Trump e a aliança russa contra a Ucrânia
Negociações de cessar-fogo entre EUA e Rússia alertam Zelensky e Europa


Ao longo das últimas semanas, manifestações públicas de Donald Trump trouxeram novas incertezas quanto ao rumo do apoio norte-americano à Ucrânia.
Em campanha, o republicano já demonstrava certa admiração por Putin e não escondia sua intenção de rever ou mesmo cortar drasticamente a assistência militar a Kiev.
Para Volodymyr Zelensky, essa não era apenas mais uma troca de governo em Washington—era uma potencial guinada que poderia alterar os rumos do conflito de forma irreversível.
Diante desse cenário, aliados do ucraniano apontavam para, ao menos, três possíveis tipos de desdobramentos.
O primeiro (e mais temido) seria um corte profundo na ajuda e uma pressão direta para que Kiev aceitasse um acordo de paz desfavorável, legitimando parte das conquistas territoriais russas.
Nesse, que poderíamos chamar de Cenário Um, Trump, coerente com seu discurso de “América First”, deixaria claro que não financiará “guerras de terceiros” e que cabe aos europeus assumir a dianteira.
Isso forçaria Zelensky a enfrentar a Rússia praticamente sozinho ou com um respaldo ocidental muito mais tímido.
O segundo desfecho aventado — aqui designado Cenário Dois — seria um apoio condicional, sujeito a intensas negociações no Congresso dos Estados Unidos e a exigências de maiores contribuições europeias. Nesse contexto, haveria ainda algum nível de aprovação de verbas, mas sempre com restrições, prazos e cobranças por reformas em Kiev.
A pressão bipartidária no Capitólio, aliada ao lobby da indústria de defesa, manteria um fluxo de ajuda limitado à Ucrânia, ao mesmo tempo, em que se buscaria garantir uma participação mais ativa dos países da Otan.
Embora incômoda, essa seria uma saída “menos ruim” para Zelensky, pois ainda lhe daria condições de resistir, mesmo que a ajuda fosse menor e mais imprevisível.
Contudo, o presidente ucraniano torcia de fato pelo Cenário Três — no qual, apesar da retórica agressiva e pró-Putin de Trump, a máquina governamental norte-americana (Pentágono, agências de inteligência e uma parcela do Congresso) conseguiria manter alguma forma de assistência militar.

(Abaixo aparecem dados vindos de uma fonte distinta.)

(* Fix an integer $c$ and a real number $\alpha>0$. Then for all sufficiently large $n$ the following holds, with $h=\left\lfloor\frac{n+c}{12e\alpha}\right\rfloor$ and $w=\frac{n+c}{\alpha}$: if $v_1<\cdots<v_n$ are positive real numbers satisfying $v_{i+h}\ge w v_i$ for every $1\le i\le n-h$, then $\mathrm{ML}(v_1,\ldots,v_n)>\frac{\alpha}{n+c}$.
   Context: For a real number $x$, $\Vert x\Vert$ denotes the distance from $x$ to the nearest integer. For positive real numbers $v_1,\ldots,v_n$, the maximum loneliness is $\mathrm{ML}(v_1,\ldots,v_n)=\sup_{t\in\mathbb{R}}\min_{1\le i\le n}\Vert t v_i\Vert$. Here $e$ is the base of the natural logarithm. *)

From Stdlib Require Import Reals Lra Lia ZArith.
From Coquelicot Require Import Coquelicot.
Open Scope R_scope.

Definition dist_int (x : R) : R :=
  Rmin (x - IZR (Int_part x)) (IZR (Int_part x) + 1 - x).

Fixpoint min_dist (v : nat -> R) (t : R) (n : nat) : R :=
  match n with
  | O => 1 (* unused default; n >= 1 in all uses *)
  | S O => dist_int (t * v 1%nat)
  | S m => Rmin (min_dist v t m) (dist_int (t * v n))
  end.

Definition ML (v : nat -> R) (n : nat) : Rbar :=
  Lub_Rbar (fun y => exists t : R, y = min_dist v t n).

From Stdlib Require Import Reals Lra Lia ZArith Bool.
From Coquelicot Require Import Coquelicot.
Open Scope R_scope.

(* With delta = alpha / (n + c), test the times t = k eta, k < N, where eta = delta / (3 v_n),
   and call t good at level m when ||t v_j|| > delta for all j <= m. Going from level i to
   i + 1 loses at most a fraction 1 / (4 h) of the good times. Indeed, lacunarity gives
   v_j <= delta^2 v_(i+1) for j <= i - 2h, so the times good at level i - 2h form few long
   runs, on each of which ||t v_(i+1)|| <= delta has frequency about 2 delta <= 1 / (12 h);
   and since the losses are geometric, level i - 2h has at most twice as many good times as
   level i. Hence a fraction (1 - 1 / (4h))^n of all times survives, and this fraction is
   bounded below because n = O(h). *)

Fixpoint count_below (P : nat -> bool) (N : nat) : nat :=
  match N with
  | O => O
  | S N' => (count_below P N' + (if P N' then 1 else 0))%nat
  end.

Lemma count_below_ext P Q N :
  (forall l, (l < N)%nat -> P l = Q l) -> count_below P N = count_below Q N.
Proof.
  induction N as [|N IH]; simpl; intros H; auto.
  rewrite IH by (intros; apply H; lia). rewrite H by lia. reflexivity.
Qed.

Lemma count_below_impl P Q N :
  (forall l, (l < N)%nat -> P l = true -> Q l = true) ->
  (count_below P N <= count_below Q N)%nat.
Proof.
  induction N as [|N IH]; simpl; intros H; auto.
  assert (IHN := IH (fun l Hl => H l ltac:(lia))).
  specialize (H N ltac:(lia)). destruct (P N), (Q N); lia.
Qed.

Lemma count_below_or P Q R N :
  (forall l, (l < N)%nat -> P l = true -> Q l = true \/ R l = true) ->
  (count_below P N <= count_below Q N + count_below R N)%nat.
Proof.
  induction N as [|N IH]; simpl; intros H; auto.
  assert (IHN := IH (fun l Hl => H l ltac:(lia))).
  specialize (H N ltac:(lia)).
  destruct (P N), (Q N), (R N); try lia; destruct (H eq_refl); discriminate.
Qed.

Lemma count_below_none P N :
  (forall l, (l < N)%nat -> P l = false) -> count_below P N = O.
Proof.
  induction N as [|N IH]; simpl; intros H; auto.
  rewrite IH by (intros; apply H; lia). rewrite H by lia. reflexivity.
Qed.

Lemma count_below_all P N :
  (forall l, (l < N)%nat -> P l = true) -> count_below P N = N.
Proof.
  induction N as [|N IH]; simpl; intros H; auto.
  rewrite IH by (intros; apply H; lia). rewrite H by lia. lia.
Qed.

Lemma count_below_le_mono P M N : (M <= N)%nat -> (count_below P M <= count_below P N)%nat.
Proof. induction 1 as [|N _ IH]; simpl; [lia|destruct (P N); lia]. Qed.

Lemma count_below_split P a N : (a <= N)%nat ->
  count_below P N = (count_below P a + count_below (fun l => (a <=? l)%nat && P l) N)%nat.
Proof.
  induction 1 as [|N HaN IH].
  - rewrite (count_below_none (fun l => _ && _)); [lia|].
    intros l Hl. destruct (Nat.leb_spec a l); [lia|reflexivity].
  - simpl. rewrite IH. destruct (Nat.leb_spec a N); [|lia]. simpl. lia.
Qed.

Lemma count_below_andb P Q N :
  count_below P N = (count_below (fun l => P l && Q l) N
                     + count_below (fun l => P l && negb (Q l)) N)%nat.
Proof. induction N as [|N IH]; simpl; auto. rewrite IH. destruct (P N), (Q N); simpl; lia. Qed.

Lemma count_below_ge a M : count_below (fun l => (a <=? l)%nat) M = (M - a)%nat.
Proof.
  induction M as [|M IH]; cbn [count_below]; auto.
  rewrite IH. destruct (Nat.leb_spec a M); lia.
Qed.

Lemma count_below_pos P N : (0 < count_below P N)%nat -> exists k, P k = true.
Proof.
  induction N as [|N IH]; simpl; intros H; [lia|].
  destruct (P N) eqn:EP; eauto. apply IH. lia.
Qed.

Definition Rleb (x y : R) : bool := if Rle_dec x y then true else false.

Lemma Rleb_true x y : Rleb x y = true <-> x <= y.
Proof. unfold Rleb; destruct (Rle_dec x y); split; intros; auto; try discriminate; lra. Qed.

Lemma Rleb_false x y : Rleb x y = false <-> y < x.
Proof. unfold Rleb; destruct (Rle_dec x y); split; intros; auto; try discriminate; lra. Qed.

Lemma count_real_interval y z b : y - 1 <= z ->
  INR (count_below (fun l => Rleb y (INR l) && Rleb (INR l) z) b) <= z - y + 1.
Proof.
  intros Hyz.
  assert (Hb : INR (count_below (fun l => Rleb y (INR l) && Rleb (INR l) z) b)
               <= Rmax 0 (Rmin z (INR b - 1) - y + 1)).
  { induction b as [|b IH]; simpl count_below.
    - simpl. unfold Rmax; destruct Rle_dec; lra.
    - rewrite plus_INR, S_INR.
      destruct (Rleb y (INR b)) eqn:E1, (Rleb (INR b) z) eqn:E2; simpl;
        rewrite ?Rleb_true, ?Rleb_false in E1, E2;
        revert IH; unfold Rmax, Rmin; repeat destruct Rle_dec; intros; lra. }
  revert Hb; unfold Rmax, Rmin; repeat destruct Rle_dec; intros; lra.
Qed.

(* Sort the hits [l] by the integer [r] with [l s - r] in [[lo, hi]]: each [r] catches
   at most [(hi - lo) / s + 1] of them, and only about [(b - a) s] values of [r] occur. *)
Section LatticeWindow.
Variables (s lo hi : R) (P : nat -> bool) (a b : nat).
Hypothesis Hs : 0 < s.
Hypothesis Hwidth : 0 <= hi - lo < 1.
Hypothesis HP : forall l, P l = true -> exists r : Z, lo <= INR l * s - IZR r <= hi.
Hypothesis Hab : (a <= b)%nat.

Let hits_upto (r : Z) : nat :=
  count_below (fun l => (a <=? l)%nat && P l && Rleb (INR l * s - hi) (IZR r)) b.
Let per_point : R := (hi - lo) / s + 1.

Nesse quadro, o apoio não seria cortado de uma hora para outra e ainda haveria espaço para negociações internas que freassem os impulsos mais isolacionistas do novo presidente.
Zelensky, ciente da burocracia institucional dos Estados Unidos e das vozes republicanas tradicionalmente mais duras em relação à Rússia, via nesse cenário a melhor das hipóteses, pois, na prática, preservaria canais mínimos de cooperação.
Após pouco mais de um mês do novo governo, o que se desenha é justamente a tendência ao primeiro cenário.
Os discursos do presidente, cada vez mais enfáticos sobre “não gastar dinheiro com terceiros enquanto os Estados Unidos têm problemas internos”, somados às manifestações de simpatia para com Putin, indicam que as promessas de campanha de Trump se transformam em atos de governo.
Auxiliado por assessores que compartilham de sua visão mais isolacionista, o presidente já fez declarações contundentes sobre a necessidade de se chegar a um “acordo rápido” na Ucrânia — com ou sem a anuência de Kiev.
Assim, Zelensky assiste à formação de um quadro em que o Cenário Um deixa de ser um risco e se aproxima de uma realidade.
Se isso se confirmar, o governo ucraniano terá de buscar reforços urgentemente em outras frentes, seja por meio de acordos bilaterais com países europeus ou via articulação mais ampla na União Europeia.
O desafio principal será sustentar a resistência em campo ao mesmo tempo que enfrenta a pressão externa para aceitar termos de um “cessar-fogo” que podem ser mais benéficos à Rússia do que à Ucrânia.
No balanço geral, a reeleição de Trump e sua posse redirecionam a política externa dos Estados Unidos para longe do alinhamento total com Kiev, criando um abismo entre os interesses da Casa Branca e as necessidades vitais de segurança da Ucrânia.
O que Zelensky esperava ver (um cenário de retórica dura, mas manutenção parcial do apoio) dá lugar ao pior dos cenários para ele: o de um corte drástico nos repasses e a iminência de um acordo imposto por Moscou.
No xadrez internacional, o líder ucraniano agora terá dificuldades de preservar a soberania do país e, acima de tudo, convencer o Ocidente de que a liberdade de seu povo não deveria ser objeto de um “condominium” entre Estados Unidos e Rússia.